Lexington, Ky.–based Big Ass Fans thinks that the residential ceiling fan should be able to think for itself. As evidence, the company fitted its Haiku fan, first released in 2012, with sensors that monitor motion, ambient air temperature, and humidity while adjusting its speed on the basis of preset and learned user conditions. Now, the company announced earlier this month, the Haiku with its proprietary SenseMe technology will work in tandem with Nest’s Learning Thermostat. The result is an old-school method of keeping cool that has been revised for the Internet-connected home.

“I always joke that I’ve been doing this for years,” says Alex Reed, the company's director of consumer product marketing. “Just raising my thermostat and then changing my fan speed as I get uncomfortable. But it’s an arduous task.” In teaming up with a smart-thermostat marker, he says, “the intent is that [when] you walk into the space, it feels exactly how you want it to feel, and it’s operating as efficiently as possible.”

The integration isn’t the only way that Big Ass Fans and Nest are working together. Both companies are part of the nonprofit Thread Collective—formally launched earlier this summer by a group of home-products manufacturers and led by Google—that is developing an IP-based, low-power mesh network through which Web-enabled devices from multiple manufacturers will be able to communicate. Big Ass Fans’ work with Nest encouraged their invitation to join the group, Reed says.

“It’s not just keeping up with the Joneses,” he adds. “It’s actually doing things with a purpose—that if this Internet of Things is going to become more than a Utopian vision for the home, then we need to create some sort of standard.”

A screenshot of the new monitoring app's interface.
Big Ass Fans A screenshot of the new monitoring app's interface.

Beyond its quip of a name, Big Ass Fans is known primarily for its high-volume, low-speed industrial fans, which are designed for use in warehouses, manufacturing facilities, sports arenas, and other high-ceiling spaces that require a large volume of airflow.
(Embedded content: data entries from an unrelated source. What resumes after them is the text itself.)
(* Let $m=n=1$, $\boldsymbol s=(s_1,s_2)\in\{(1,-1),(-1,1)\}$ and $\tilde{\boldsymbol s}=(s_2,s_1)$. Let $\boldsymbol\lambda$ be typical, $\boldsymbol z$ $h$-generic, let $y$ be a polynomial of degree $l$ representing a solution of the BAE associated to $\boldsymbol s,\boldsymbol\lambda,\boldsymbol z,l$, and let $\tilde y$ be the polynomial with $y\,\tilde y[-s_1]=\varphi^{\boldsymbol s}-\psi^{\boldsymbol s}$. Then \[s_1\frac{T_1^{\boldsymbol s}y[s_1]}{T_1^{\boldsymbol s}[s_1]y}+s_2\frac{T_2^{\boldsymbol s}y[-s_2]}{T_2^{\boldsymbol s}[s_2]y}=\tilde s_1\frac{T_1^{\tilde{\boldsymbol s}}\tilde y[\tilde s_1]}{T_1^{\tilde{\boldsymbol s}}[\tilde s_1]\tilde y}+\tilde s_2\frac{T_2^{\tilde{\boldsymbol s}}\tilde y[-\tilde s_2]}{T_2^{\tilde{\boldsymbol s}}[\tilde s_2]\tilde y}.\]
   Context: Fix $h\in\mathbb{C}^\times$; $f[i](x)=f(x-ih)$. Polynomial $\mathfrak{gl}_{1|1}$ weights $\lambda^{(1)},\dots,\lambda^{(p)}$; for each $k$ write the weight of $\lambda^{(k)}$ with respect to $\boldsymbol s$ (eigenvalues of $e_{\sigma(1)\sigma(1)},e_{\sigma(2)\sigma(2)}$ on the $\boldsymbol s$-highest weight vector of $L_{\lambda^{(k)}}$, where $\sigma$ is the identity if $\boldsymbol s=(1,-1)$ and the transposition if $\boldsymbol s=(-1,1)$) as $(a_k,b_k)$, $a_k,b_k\in\mathbb{Z}_{\ge0}$, with $b_k=0$ whenever $a_k=0$. $\lambda^{(k)}$ is typical iff $a_k+b_k\ne0$; $\boldsymbol\lambda$ is typical if some $\lambda^{(k)}$ is typical. Set $\tilde a_k=b_k+1,\tilde b_k=a_k-1$ if $a_k+b_k\ne0$ and $\tilde a_k=\tilde b_k=0$ otherwise (these are the weights with respect to $\tilde{\boldsymbol s}$). $\boldsymbol z$ $h$-generic ($z_i-z_j\notin h\mathbb{Z}$). $T_1^{\boldsymbol s}=\prod_k\prod_{j=1}^{a_k}(x-z_k+s_1jh)$, $T_2^{\boldsymbol s}=\prod_k\prod_{j=1}^{b_k}(x-z_k+s_2jh)$, $T_1^{\tilde{\boldsymbol s}}=\prod_k\prod_{j=1}^{\tilde a_k}(x-z_k+\tilde s_1jh)$, $T_2^{\tilde{\boldsymbol s}}=\prod_k\prod_{j=1}^{\tilde b_k}(x-z_k+\tilde s_2jh)$. $\varphi^{\boldsymbol s}=\prod_{k:a_k+b_k\ne0}(x-z_k+s_1a_kh)$, $\psi^{\boldsymbol s}=\prod_{k:a_k+b_k\ne0}(x-z_k+s_2b_kh)$. The BAE associated to $\boldsymbol s,\boldsymbol\lambda,\boldsymbol z,l$ in $t_1,\dots,t_l$: $\prod_{k:a_k+b_k\ne0}\frac{t_j-z_k+s_1a_kh}{t_j-z_k+s_2b_kh}=1$, $j=1,\dots,l$, with the requirement that a root of multiplicity $r$ of this equation appears at most $r$ times among the $t_j$; $y=\prod_j(x-t_j)$ represents $(t_1,\dots,t_l)$. *)

From mathcomp Require Import all_boot all_algebra.
From mathcomp Require Import complex.
From mathcomp Require Import Rstruct.
Set Implicit Arguments. Unset Strict Implicit. Unset Printing Implicit Defensive.
Import GRing.Theory.
Local Open Scope ring_scope.

Definition CC : fieldType := complex Rdefinitions.R.

Notation ratfun := {fraction {poly CC}}.
Definition rf (p : {poly CC}) : ratfun := FracField.tofrac p.

(* f[i](x) = f(x - i h), for i an integer. *)
Definition shift (h : CC) (i : int) (f : {poly CC}) : {poly CC} :=
  f \Po ('X - (i%:~R * h)%:P).

(* s = (s1, s2) encoded by a boolean: true <-> s = (1,-1), false <-> s = (-1,1). *)
Definition s1 (b : bool) : int := if b then 1 else -1.
Definition s2 (b : bool) : int := - s1 b.
(* tilde s = (s2, s1) corresponds to negb b. *)

Section Data.
Variables (p : nat) (a b : 'I_p -> nat) (z : 'I_p -> CC) (h : CC).

Definition typicalk (k : 'I_p) : bool := (a k + b k != 0)%N.
Definition typical : Prop := exists k, typicalk k.

(* weights with respect to tilde s *)
Definition at_ (k : 'I_p) : nat := if typicalk k then (b k).+1 else 0%N.
Definition bt_ (k : 'I_p) : nat := if typicalk k then (a k).-1 else 0%N.

Definition Tpoly (c : int) (n : 'I_p -> nat) : {poly CC} :=
  \prod_(k < p) \prod_(1 <= j < (n k).+1)
     ('X - (z k)%:P + (c%:~R * j%:R * h)%:P).

Definition phi (bs : bool) : {poly CC} :=
  \prod_(k < p | typicalk k) ('X - (z k)%:P + ((s1 bs)%:~R * (a k)%:R * h)%:P).
Definition psi (bs : bool) : {poly CC} :=
  \prod_(k < p | typicalk k) ('X - (z k)%:P + ((s2 bs)%:~R * (b k)%:R * h)%:P).

Definition BAE_solution (bs : bool) (l : nat) (t : 'I_l -> CC) : Prop :=
  forall j : 'I_l,
    (forall k, typicalk k -> t j - z k + (s2 bs)%:~R * (b k)%:R * h != 0) /\
    \prod_(k < p | typicalk k)
       ((t j - z k + (s1 bs)%:~R * (a k)%:R * h) /
        (t j - z k + (s2 bs)%:~R * (b k)%:R * h)) = 1 /\
    (* a root of multiplicity r of the equation appears at most r times *)
    (#|[pred i : 'I_l | t i == t j]| <= mup (t j) (phi bs - psi bs))%N.

End Data.

Definition h_generic (p : nat) (z : 'I_p -> CC) (h : CC) : Prop :=
  forall i j : 'I_p, i != j -> forall n : int, z i - z j != n%:~R * h.

Definition weights_ok (p : nat) (a b : 'I_p -> nat) : Prop :=
  forall k, a k = 0%N -> b k = 0%N.

From HB Require Import structures.
From mathcomp Require Import all_boot all_algebra.
From mathcomp Require Import complex.
From mathcomp Require Import ring.
Import GRing.Theory.
Local Open Scope ring_scope.

(* Write D = prod_k (x - z_k).  Telescoping in j gives
   T_c(n) D = T_c(n)[c] prod_k (x - z_k + c n_k h), so each of the four
   quotients is (a product of linear factors) / D times a quotient of shifts
   of y or ytil.  For s these products are phi N and psi N, N being the
   product over the atypical k; since the tilde weights are (b_k + 1, a_k - 1)
   with signs (-s1, s1), for tilde s they are psi[s1] N and phi[s1] N.  Both
   sides therefore equal s1 (N / D) y[s1] ytil[-s1], using y ytil[-s1] =
   phi - psi and its shift by s1. *)

Local Notation lin u v := ('X - u%:P + v%:P).

HB.instance Definition _ h i :=
  GRing.RMorphism.copy (shift h i) (comp_poly ('X - (i%:~R * h)%:P)).

Lemma s1N bs : s1 (~~ bs) = - s1 bs. Proof. by case: bs. Qed.
Lemma s2N bs : s2 (~~ bs) = s1 bs. Proof. by case: bs. Qed.

Section Shift.
Variable h : CC.

Lemma shift_lin c u v : shift h c (lin u v) = lin u (v - c%:~R * h).
Proof.
by rewrite /shift comp_polyD comp_polyB comp_polyX !comp_polyC polyCB; ring.
Qed.

Lemma shiftK c : cancel (shift h (- c)) (shift h c).
Proof.
move=> f; rewrite /shift -comp_polyA comp_polyB comp_polyX comp_polyC.
by rewrite intrN mulNr polyCN opprK subrK comp_polyXr.
Qed.

Lemma shift_eq0 c f : (shift h c f == 0) = (f == 0).
Proof. by rewrite /shift comp_poly2_eq0 // size_XsubC. Qed.

Lemma shift_factors_telescope c u n :
  \prod_(1 <= j < n.+1) lin u (c%:~R * j%:R * h) * ('X - u%:P)
  = shift h c (\prod_(1 <= j < n.+1) lin u (c%:~R * j%:R * h))
    * lin u (c%:~R * n%:R * h).
Proof.
have shift_step j :
    shift h c (lin u (c%:~R * j.+1%:R * h)) = lin u (c%:~R * j%:R * h).
  by rewrite shift_lin mulrSr; congr (lin _ _); ring.
rewrite rmorph_prod !big_add1 /= [in RHS](eq_bigr _ (fun j _ => shift_step j)).
rewrite -big_nat_recr //= big_nat_recl // mulr0n mulr0 mul0r polyC0 addr0.
by rewrite mulrC.
Qed.

End Shift.

Lemma ratio_cancel (K : fieldType) (t ts d q x y : K) :
  ts != 0 -> d != 0 -> t * d = ts * q -> t * x / (ts * y) = q / d * (x / y).
Proof.
move=> ts0 d0 tdE; rewrite invfM mulrACA; congr (_ * _).
by apply/eqP; rewrite eqr_div // tdE mulrC.
Qed.

Section Tpoly.
Variables (p : nat) (z : 'I_p -> CC) (h : CC).

Lemma Tpoly_telescope c n :
  Tpoly z h c n * \prod_(k < p) ('X - (z k)%:P)
  = shift h c (Tpoly z h c n) * \prod_(k < p) lin (z k) (c%:~R * (n k)%:R * h).
Proof.
rewrite /Tpoly rmorph_prod -!big_split /=.
by apply: eq_bigr => k _; apply: shift_factors_telescope.
Qed.

Lemma Tpoly_neq0 c n : Tpoly z h c n != 0.
Proof.
apply/prodf_neq0 => k _; rewrite prodf_seq_neq0; apply/allP => j _.
by rewrite -addrA -polyCN -polyCD -size_poly_eq0 size_XaddC.
Qed.

Lemma Tpoly_ratio c n X Y :
  rf (Tpoly z h c n * X) / rf (shift h c (Tpoly z h c n) * Y)
  = rf (\prod_(k < p) lin (z k) (c%:~R * (n k)%:R * h))
    / rf (\prod_(k < p) ('X - (z k)%:P)) * (rf X / rf Y).
Proof.
rewrite /rf !tofracM; apply: ratio_cancel; rewrite ?tofrac_eq0 ?shift_eq0.
- exact: Tpoly_neq0.
- exact/monic_neq0/monic_prod_XsubC.
- by rewrite -!tofracM Tpoly_telescope.
Qed.

End Tpoly.

Section TypicalFactors.
Variables (p : nat) (a b : 'I_p -> nat) (z : 'I_p -> CC) (h : CC) (bs : bool).
Let N := \prod_(k < p | ~~ typicalk a b k) ('X - (z k)%:P).

Lemma atypical_weights k : ~~ typicalk a b k -> a k = 0%N /\ b k = 0%N.
Proof. by rewrite /typicalk negbK addn_eq0 => /andP[/eqP-> /eqP->]. Qed.

Lemma prod_lin_typical c (n : 'I_p -> nat) (F : 'I_p -> {poly CC}) :
  (forall k, ~~ typicalk a b k -> n k = 0%N) ->
  (forall k, typicalk a b k -> lin (z k) (c%:~R * (n k)%:R * h) = F k) ->
  \prod_(k < p) lin (z k) (c%:~R * (n k)%:R * h)
  = \prod_(k < p | typicalk a b k) F k * N.
Proof.
move=> n0 nF; rewrite (bigID (typicalk a b)) /=; congr (_ * _).
  exact: eq_bigr.
by apply: eq_bigr => k /n0->; rewrite mulr0 mul0r addr0.
Qed.

Lemma prod_lin_phi :
  \prod_(k < p) lin (z k) ((s1 bs)%:~R * (a k)%:R * h) = phi a b z h bs * N.
Proof. by apply: prod_lin_typical => // k /atypical_weights[]. Qed.

Lemma prod_lin_psi :
  \prod_(k < p) lin (z k) ((s2 bs)%:~R * (b k)%:R * h) = psi a b z h bs * N.
Proof. by apply: prod_lin_typical => // k /atypical_weights[]. Qed.

Lemma prod_lin_tilde_psi :
  \prod_(k < p) lin (z k) ((s1 (~~ bs))%:~R * (at_ a b k)%:R * h)
  = shift h (s1 bs) (psi a b z h bs) * N.
Proof.
rewrite rmorph_prod /=; apply: prod_lin_typical => k tk.
  by rewrite /at_ (negbTE tk).
by rewrite /at_ tk shift_lin mulrSr s1N /s2 !intrN; congr (lin _ _); ring.
Qed.

Lemma prod_lin_tilde_phi : weights_ok a b ->
  \prod_(k < p) lin (z k) ((s2 (~~ bs))%:~R * (bt_ a b k)%:R * h)
  = shift h (s1 bs) (phi a b z h bs) * N.
Proof.
move=> wok; rewrite rmorph_prod /=; apply: prod_lin_typical => k tk.
  by rewrite /bt_ (negbTE tk).
have [m am] : exists m, a k = m.+1.
  case ak: (a k) => [|m]; last by exists m.
  by move: tk; rewrite /typicalk ak (wok _ ak).
by rewrite /bt_ tk am shift_lin mulrSr s2N; congr (lin _ _); ring.
Qed.

End TypicalFactors.

Lemma signed_ratio_sum (K : fieldType) (s n d y Ys yt Yt P Q P' Q' : K) :
  y != 0 -> (yt = 0 -> Yt = 0) -> y * Yt = P - Q -> Ys * yt = P' - Q' ->
  s * (P * n / d * (Ys / y)) + - s * (Q * n / d * (Ys / y))
  = - s * (Q' * n / d * (Yt / yt)) + s * (P' * n / d * (Yt / yt)).
Proof.
move=> y0 Yt0 yYt Ysyt.
transitivity (s * n / d * ((P - Q) * Ys / y)); first ring.
transitivity (s * n / d * ((P' - Q') * Yt / yt)); last ring.
rewrite -yYt -Ysyt; congr (_ * _).
have [yt0 | yt0] := eqVneq yt 0; first by rewrite Yt0 // yt0 !(mulr0, mul0r).
by field; rewrite y0 yt0.
Qed.

Theorem lemma4p4 (h : CC) (p : nat) (a b : 'I_p -> nat) (z : 'I_p -> CC)
    (bs : bool) (l : nat) (t : 'I_l -> CC) (ytil : {poly CC}) :
  h != 0 ->
  weights_ok a b ->
  typical a b ->
  h_generic z h ->
  BAE_solution a b z h bs t ->
  let y := \prod_(j < l) ('X - (t j)%:P) in
  let S1 := s1 bs in let S2 := s2 bs in
  let St1 := s1 (~~ bs) in let St2 := s2 (~~ bs) in
  let T1 := Tpoly z h S1 a in let T2 := Tpoly z h S2 b in
  let Tt1 := Tpoly z h St1 (at_ a b) in let Tt2 := Tpoly z h St2 (bt_ a b) in
  y * shift h (- S1) ytil = phi a b z h bs - psi a b z h bs ->
  (S1%:~R * (rf (T1 * shift h S1 y) / rf (shift h S1 T1 * y))
   + S2%:~R * (rf (T2 * shift h (- S2) y) / rf (shift h S2 T2 * y)) : ratfun)
  = St1%:~R * (rf (Tt1 * shift h St1 ytil) / rf (shift h St1 Tt1 * ytil))
   + St2%:~R * (rf (Tt2 * shift h (- St2) ytil) / rf (shift h St2 Tt2 * ytil)).
Proof.
move=> _ wok _ _ _ y S1 S2 St1 St2 T1 T2 Tt1 Tt2 yE.
rewrite !Tpoly_ratio (prod_lin_phi _ a b) (prod_lin_psi _ a b).
rewrite prod_lin_tilde_psi prod_lin_tilde_phi //.
rewrite /S2 /St1 /St2 s1N s2N /s2 opprK intrN /rf !tofracM.
apply: signed_ratio_sum.
- by rewrite tofrac_eq0 monic_neq0 ?monic_prod_XsubC.
- by move/eqP; rewrite tofrac_eq0 => /eqP->; rewrite rmorph0.
- by rewrite -tofracM yE tofracB.
- by rewrite -tofracB -rmorphB -yE rmorphM /= shiftK tofracM.
Qed.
Soon after the company’s launch in 1999, its industrial units’ sleek but expansive profiles and minimal noise output inspired designers to specify them—weighing more than 100 pounds and costing up to $6,000—in residences and light-commercial projects such as restaurants. “It was an alert to us that there’s an unmet need here,” Reed says. “We inventoried the existing residential fan market and it amazed us that here’s a category that’s been around for 130 years … and the fans look pretty similar to what they looked like in the 1800s.”

For its residential Haiku fan, the company shrunk and streamlined its industrial design to three airfoils whose form allows them to move through the air more efficiently than do its peer, conventional pressed-board blades. Compressed, five-ply bamboo and a more-durable, glass-infused composite finished in automotive-grade paint offer use indoors and on outdoor patios, respectively. The addition of integrated sensors and Nest compatibility, managed from a smartphone app (shown), pushes the fan into the realm of the Internet-connected home—a place where so-called “smart” products must prove their value proposition.

“Now that we can put sensors and radios in everything, there’s sort of a gold rush to do it," Reed says. "The success or failure of the Internet of Things is going to depend on people really driving that purpose, and making life easier and more convenient and not more complex."

This article has been updated to correct the location of Big Ass Fans' headquarters. It is in Lexington, Ky. We regret the error.